The model evaluation was performed with the 10-fold cross-validation method. As described in the data paper, samples from the same class in the dataset are generally extracted from the same audio source files. Therefore, to avoid placing related samples in both the train and test sets, it is necessary to use the predefined folds. Otherwise, achieved results can end up being significantly inflated, leading to inaccurate scores that do not represent the model's performance on unseen data.
Loss and accuracy are metrics used for the evaluation. Categorical cross-entropy loss is selected for the loss function and the accuracy is defined as the percentage of correctly classified instances.
For each fold, the loss is calculated by taking the minimum loss value of all epochs on the validation set. Likewise, the accuracy for each fold is calculated by taking the best validation accuracy value over the epochs.
The results of the 10-fold cross-validation after repeating the procedure three times and calculating the mean are shown in Table 1. , Figure 4. and Figure 5. More detailed results can be found in the notebooks, including confusion matrices, along with loss and accuracy graphs for each fold.
Table 1. Average loss and accuracy values for each fold over 3 cross-validation runs.
fold | accuracy | loss |
---|---|---|
fold-1 | 0.75 | 0.738 |
fold-2 | 0.71 | 0.925 |
fold-3 | 0.70 | 1.061 |
fold-4 | 0.69 | 1.030 |
fold-5 | 0.76 | 0.685 |
fold-6 | 0.71 | 1.177 |
fold-7 | 0.68 | 1.016 |
fold-8 | 0.66 | 1.190 |
fold-9 | 0.76 | 0.761 |
fold-10 | 0.74 | 0.760 |
Total | 0.72 | 0.934 |
Figure 4. Accuracy measured with the 10-fold cross-validation method.

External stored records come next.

(* For $m,n\ge1$, \[ G^{(1)}_{m,n}=\frac{(-1)^n}{n!}\int_0^1\binom{t}{m}\left[{n\atop 1}\right]_{t-1}dt . \]
   Context: Define $G^{(1)}_{m,n}$ ($m,n\ge0$) by the formal power series $\sum_{m,n\ge0}G^{(1)}_{m,n}x^my^n=\dfrac{y\log(1+x)-x\log(1+y)}{\log(1+x)-\log(1+y)}$. $\binom{t}{m}=t(t-1)\cdots(t-m+1)/m!$. The Stirling polynomials of the first kind $\left[{n\atop m}\right]_x\in\mathbb Z[x]$ ($n\ge m\ge0$) are defined by $\sum_{m=0}^n\left[{n\atop m}\right]_x y^m=(x+y)(x+y+1)\cdots(x+y+n-1)$. *)

From HB Require Import structures.
From mathcomp Require Import all_boot all_order all_algebra.
From mathcomp Require Import all_classical all_reals all_analysis.
Set Implicit Arguments. Unset Strict Implicit. Unset Printing Implicit Defensive.
Import Order.TTheory GRing.Theory Num.Theory.
Local Open Scope ring_scope.

(* Coefficients of log(1+x) = sum_{k>=1} (-1)^(k+1) x^k / k. *)
Definition logc (R : fieldType) (k : nat) : R :=
  if k == 0%N then 0 else (-1) ^+ k.+1 / k%:R.

(* Coefficient of x^i y^j in D := log(1+x) - log(1+y). *)
Definition Dcoef (R : fieldType) (i j : nat) : R :=
  (if j == 0%N then logc R i else 0) - (if i == 0%N then logc R j else 0).

(* Coefficient of x^i y^j in N := y log(1+x) - x log(1+y). *)
Definition Ncoef (R : fieldType) (i j : nat) : R :=
  (if j == 1%N then logc R i else 0) - (if i == 1%N then logc R j else 0).

(* G (a bivariate formal power series given by its coefficients G i j)
   is the quotient N / D, i.e. G * D = N in R[[x,y]]
   (R[[x,y]] is an integral domain, so G is unique if it exists). *)
Definition is_G1 (R : fieldType) (G : nat -> nat -> R) : Prop :=
  forall m n : nat,
    \sum_(i < m.+1) \sum_(j < n.+1) G i j * Dcoef R (m - i) (n - j) = Ncoef R m n.

Definition binomR (R : fieldType) (t : R) (m : nat) : R :=
  (\prod_(i < m) (t - i%:R)) / (m`!)%:R.

(* (x+y)(x+y+1)...(x+y+n-1) as a polynomial in y with coefficients in R[x]:
   outer variable = y, inner variable = x. *)
Definition stirling_gen (R : comRingType) (n : nat) : {poly {poly R}} :=
  \prod_(i < n) ('X + ('X + i%:R%:P)%:P).

Definition stirling1_poly (R : comRingType) (n m : nat) : {poly R} :=
  (stirling_gen R n)`_m.

(* Write A_m(t) = binom(t, m) and B_n(t) = binom(1 - t, n).  Differentiating
   (1 + x)^t = sum_m A_m(t) x^m in t gives A_m' = sum_i [x^(m-i)] log(1 + x) A_i,
   and likewise B_n' = - sum_j [y^(n-j)] log(1 + y) B_j.  By the Leibniz rule the
   convolution of H_(m,n) = int_0^1 A_m B_n' with the coefficients of
   D = log(1 + x) - log(1 + y) is int_0^1 (A_m B_n')', i.e. boundary values of
   A and B' at 0 and 1, and these are the coefficients of N once H is corrected
   by the monomial y.  The quotient N / D is unique since the lowest-degree part
   of D is x - y, and B_n(t) = (-1)^n / n! (t - 1) t ... (t + n - 2) turns H_(m,n)
   into the stated integral of a Stirling polynomial. *)

From HB Require Import structures.
From mathcomp Require Import all_boot all_order all_algebra.
From mathcomp Require Import all_classical all_reals all_analysis.
From mathcomp Require Import ring zify.
Import Order.TTheory GRing.Theory Num.Theory.
Import numFieldNormedType.Exports.
Set Implicit Arguments. Unset Strict Implicit. Unset Printing Implicit Defensive.
Local Open Scope ring_scope.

Figure 5. Loss measured with the 10-fold cross-validation method.
- What's next?
- more in-depth analysis of the results
- further tuning of the hyperparameters
- testing the transfer learning approach
- examining different data augmentation techniques, and modifying techniques specifically to particular sound classes
- implementing a real-time sound classification system
- J. Salamon, C. Jacoby, and J.P.Bello, "A Dataset and Taxonomy for Urban Sound Research," in 22nd ACM International Conference on Multimedia (ACM-MM'14), Orlando, FL, USA, Nov. 2014, pp. 1041–1044. [Online]. Available: http://www.justinsalamon.com/uploads/4/3/9/4/4394963/salamon_urbansound_acmmm14.pdf
- J. Salamon and J. P. Bello, "Deep Convolutional Neural Networks and Data Augmentation for Environmental Sound Classification", submitted, 2016.[Online]. Available: https://arxiv.org/pdf/1608.04363.pdf
- Zohaib Mushtaq, Shun-Feng Su, "Environmental sound classification using a regularized deep convolutional neural network with data augmentation", Applied Acoustics, Volume 167, 2020, 107389, ISSN 0003-682X, https://doi.org/10.1016/j.apacoust.2020.107389. (http://www.sciencedirect.com/science/article/pii/S0003682X2030493X)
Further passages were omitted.